Northern Arizona University

"Forecasting Mosquito Population in Maricopa County Using Climate Factors and Filtering Techniques"

Mosquito-borne diseases pose a significant public health challenge, and effective prevention requires accurate forecasting of mosquito populations. In this study, we developed a statistical forecasting framework that leverages climate factors, such as temperature and precipitation, to improve mosquito population predictions in Maricopa County, Arizona. Our approach combines adaptive modeling techniques and filtering methods to infer precise model parameters and address previously observed limitations, particularly the inability to capture spring dynamics. By incorporating an Ensemble Kalman Filter (EnKF) method, we estimated time-varying parameters (baseline population growth rate) and static parameters while resolving the spring problem observed in prior models. Using Generalized Additive Models (GAMs), we forecasted the baseline population growth rate on a weekly basis, integrating precipitation and temperature data as covariates.
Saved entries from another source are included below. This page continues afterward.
(* Let $n=p'q$ where $p',q$ are distinct primes both at least $7$, let $A=L(n;p')$, and let $S=(x_1,x_2,x_3)$ be a sequence in $\mathbb{Z}_n$. Then $S$ is an $A$-extremal sequence for the Davenport constant if $S$ is equivalent with respect to $A$ to a sequence $(y_1,y_2,y_3)$ for which one of the following holds: (i) $y_1$ is the only term divisible by $q$, $y_1\neq 0$, and the image of $(y_2,y_3)$ under the natural map $g:\mathbb{Z}_n\to\mathbb{Z}_q$ is a $Q_q$-extremal sequence for the Davenport constant; (ii) $y_1$ is the only term coprime to $p'$, and the image of $(y_2,y_3)$ under $g$ is a $Q_q$-extremal sequence for the Davenport constant in $\mathbb{Z}_q$.
   Context: $\mathbb{Z}_m$ is the integers mod $m$, $U(m)$ its unit group; for a prime $q$, $Q_q=\{x^2: x\in U(q)\}$. For nonempty $A\subseteq\mathbb{Z}_m\setminus\{0\}$, a sequence $(x_1,\ldots,x_k)$ is an $A$-weighted zero-sum sequence if $\sum a_ix_i=0$ for some $a_i\in A$; $D_A(m)$ is the least $k$ such that every length-$k$ sequence in $\mathbb{Z}_m$ has a nonempty $A$-weighted zero-sum subsequence; an $A$-extremal sequence for the Davenport constant is a sequence of length $D_A(m)-1$ with no $A$-weighted zero-sum subsequence. For a multiplicative group $A$, $(x_1,\ldots,x_k)$ and $(y_1,\ldots,y_k)$ are equivalent with respect to $A$ if there are $a_i\in A$, a unit $c$ and a permutation $\sigma$ with $y_{\sigma(i)}=c\,a_ix_i$ for all $i$. For odd $m=\prod p_i^{r_i}$, prime $p\mid m$ and $a\in U(m)$, $\left(\frac{a}{p}\right)$ is the Legendre symbol of the image mod $p$, $\left(\frac{a}{m}\right)=\prod\left(\frac{a}{p_i}\right)^{r_i}$, and $L(m;p')=\{a\in U(m):\left(\frac{a}{m}\right)=\left(\frac{a}{p'}\right)\}$ for a prime $p'\mid m$. *)

From mathcomp Require Import all_boot all_order all_algebra all_fingroup.
Set Implicit Arguments. Unset Strict Implicit. Unset Printing Implicit Defensive.
Import GRing.Theory.
Local Open Scope ring_scope.

Definition weighted_zero_sum (R : comUnitRingType) (A : {pred R}) (s : seq R) : Prop :=
  exists w : seq R,
    [/\ size w = size s, all (fun a => a \in A) w & \sum_(i < size s) w`_i * s`_i = 0].

Definition has_wzs_subseq (R : comUnitRingType) (A : {pred R}) (s : seq R) : Prop :=
  exists t : seq R, [/\ subseq t s, t != [::] & weighted_zero_sum A t].

Definition davenport_prop (R : comUnitRingType) (A : {pred R}) (k : nat) : Prop :=
  forall s : seq R, size s = k -> has_wzs_subseq A s.

Definition is_davenport_constant (R : comUnitRingType) (A : {pred R}) (k : nat) : Prop :=
  davenport_prop A k /\ forall j, (j < k)%N -> ~ davenport_prop A j.

Definition extremal (R : comUnitRingType) (A : {pred R}) (s : seq R) : Prop :=
  exists k, [/\ is_davenport_constant A k, size s = k.-1 & ~ has_wzs_subseq A s].

Definition equiv_wrt (R : comUnitRingType) (k : nat) (A : {pred R})
    (x y : k.-tuple R) : Prop :=
  exists (a : 'I_k -> R) (c : R) (sigma : 'S_k),
    [/\ forall i, a i \in A, c \is a GRing.unit &
        forall i, tnth y (sigma i) = c * a i * tnth x i].

Definition legendre (a p : nat) : int :=
  if (p %| a)%N then 0
  else if [exists x : 'I_p, ((x * x) %% p == a %% p)%N] then 1 else -1.

Definition jacobi (a m : nat) : int :=
  \prod_(p <- primes m) legendre a p ^+ logn p m.

Definition L_set (m p' : nat) : {pred 'Z_m} :=
  [pred a : 'Z_m | (a \is a GRing.unit) && (jacobi a m == legendre a p')].

Definition Qset (q : nat) : {pred 'Z_q} :=
  [pred y : 'Z_q | [exists x : 'Z_q, (x \is a GRing.unit) && (y == x ^+ 2)]].

Definition redmod (n q : nat) (x : 'Z_n) : 'Z_q := (x : nat)%:R.
Arguments L_set : clear implicits.
Arguments Qset : clear implicits.
Arguments redmod : clear implicits.

(* Write L for L(p'q; p') and g for reduction modulo q. A unit of Z_(p'q) lies in L
   exactly when its reduction modulo q is a square, so by the Chinese remainder theorem
   a sequence has an L-weighted zero sum on an index set T iff, on the same T, it has a
   zero sum with unit weights modulo p' and one with weights in Q_q modulo q. Modulo p'
   this is possible unless T contains exactly one term that is nonzero modulo p' (as
   p' > 4, the weight -(k - 1) balancing k nonzero terms is a unit). Extremality of
   (g y2, g y3) gives D_{Q_q}(q) = 3, and a case analysis on where the four terms vanish
   modulo p' and q, using that a product of two non-squares modulo q is a square, finds
   such a T in every sequence of length 4; hence D_L(p'q) <= 4.
   Conversely, reduction modulo q turns an L-weighted zero sum of (y1, y2, y3) that
   involves y2 or y3 into a Q_q-weighted one of (g y2, g y3). In case (i) a zero sum of
   y1 alone forces y1 = 0; in case (ii) reduction modulo p' shows that y1 is not
   involved. Equivalence with respect to L preserves weighted zero sums. *)

From HB Require Import structures.
From mathcomp Require Import all_boot all_order all_algebra all_fingroup all_solvable.
From mathcomp Require Import zify ring.
Set Implicit Arguments. Unset Strict Implicit. Unset Printing Implicit Defensive.
Import GRing.Theory.
Local Open Scope ring_scope.

Section WeightedZeroSums.
Variables (R : comUnitRingType) (A : {pred R}).

Let wsum (w s : seq R) := \sum_(i < size s) w`_i * s`_i.

Let wsum_cons w x s : wsum w (x :: s) = w`_0 * x + wsum (behead w) s.
Proof.
by rewrite /wsum big_ord_recl; congr (_ + _); apply: eq_bigr => i _; rewrite nth_behead.
Qed.

Let wsum_nil w : wsum w [::] = 0.
Proof. by rewrite /wsum big_ord0. Qed.

Let A0 := [pred a : R | (a \in A) || (a == 0)].

Fixpoint zero_pad (m : bitseq) (w : seq R) : seq R :=
  if m is b :: m' then
    if b then head 0 w :: zero_pad m' (behead w) else 0 :: zero_pad m' w
  else [::].

Let size_zero_pad m w : size (zero_pad m w) = size m.
Proof. by elim: m w => //= b m IHm w; case: b => /=; rewrite IHm. Qed.

Let wsum_zero_pad m w s : size m = size s -> wsum (zero_pad m w) s = wsum w (mask m s).
Proof.
elim: m w s => [|b m IHm] w [|x s] //= => [_ | [size_ms]]; first by rewrite !wsum_nil.
case: b; rewrite !wsum_cons IHm //=.
by rewrite mul0r add0r.
Qed.

Let all_zero_pad m w : all (mem A) w -> all A0 (zero_pad m w).
Proof.
elim: m w => //= b m IHm w Aw; case: b => /=; last by rewrite eqxx orbT IHm.
by case: w Aw => [|a w] /=; [rewrite eqxx orbT IHm | case/andP=> -> /IHm ->].
Qed.

Let mem_zero_pad m w : (size w <= count id m)%N -> {subset w <= zero_pad m w}.
Proof.
elim: m w => [|b m IHm] w /=; first by case: w.
case: b => /= [|size_w a w_a]; last by rewrite inE IHm ?orbT.
case: w => // a w /= size_w c; rewrite !inE => /orP[-> // | w_c].
by rewrite IHm ?orbT.
Qed.

Let wsum_mask_A w s : size w = size s -> all A0 w ->
  wsum (mask (map (mem A) w) w) (mask (map (mem A) w) s) = wsum w s.
Proof.
elim: w s => [|a w IHw] [|x s] //= [size_ws] /andP[A0a A0w].
case: (boolP (a \in A)) => Aa /=; rewrite !wsum_cons /= IHw //.
by move: A0a; rewrite /= (negbTE Aa) => /eqP ->; rewrite mul0r add0r.
Qed.

Let has_wzs_subseq_weights s : has_wzs_subseq A s <->
  exists w, [/\ size w = size s, all A0 w, has (mem A) w & wsum w s = 0].
Proof.
split=> [[_ [/subseqP[m size_m ->] nz [w [size_w Aw sum_w]]]] | [w [size_w A0w Aw sum_w]]].
  exists (zero_pad m w); split; rewrite ?size_zero_pad ?all_zero_pad ?wsum_zero_pad //.
  apply/hasP; case: w size_w Aw {sum_w} => [/esym/eqP | a w size_w /andP[Aa _]].
    by rewrite size_eq0 (negbTE nz).
  by exists a; rewrite // mem_zero_pad ?mem_head // size_w size_mask.
exists (mask (map (mem A) w) s); split; first exact: mask_subseq.
  by rewrite -size_eq0 size_mask ?size_map // count_map -lt0n -has_count.
exists (mask (map (mem A) w) w); split.
- by rewrite !size_mask ?size_map.
- by elim: (w) => //= a w' IHw; case: (boolP (a \in A)) => Aa //=; rewrite Aa.
- exact: etrans (wsum_mask_A size_w A0w) sum_w.
Qed.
These forecasts were further used to run a mechanistic ordinary differential equation (ODE) model to predict mosquito abundance and estimate associated uncertainties. Our iterative framework was applied weekly over a 52-week period, successfully capturing seasonal variations in mosquito populations from 2014 to 2015. The EnKF demonstrated superior performance compared to traditional Markov Chain Monte Carlo (MCMC) approaches for fitting mosquito abundance data. This enhanced methodology provides actionable insights for public health decision-makers, supporting resource allocation and improving outcomes in mosquito-borne disease prevention. Our findings underscore the value of integrating climate data and adaptive filtering techniques to address forecasting challenges, ultimately enabling more effective responses to emerging or reemerging pathogens of mosquito-borne disease risks, which can be driven by human behavior to become a pandemic.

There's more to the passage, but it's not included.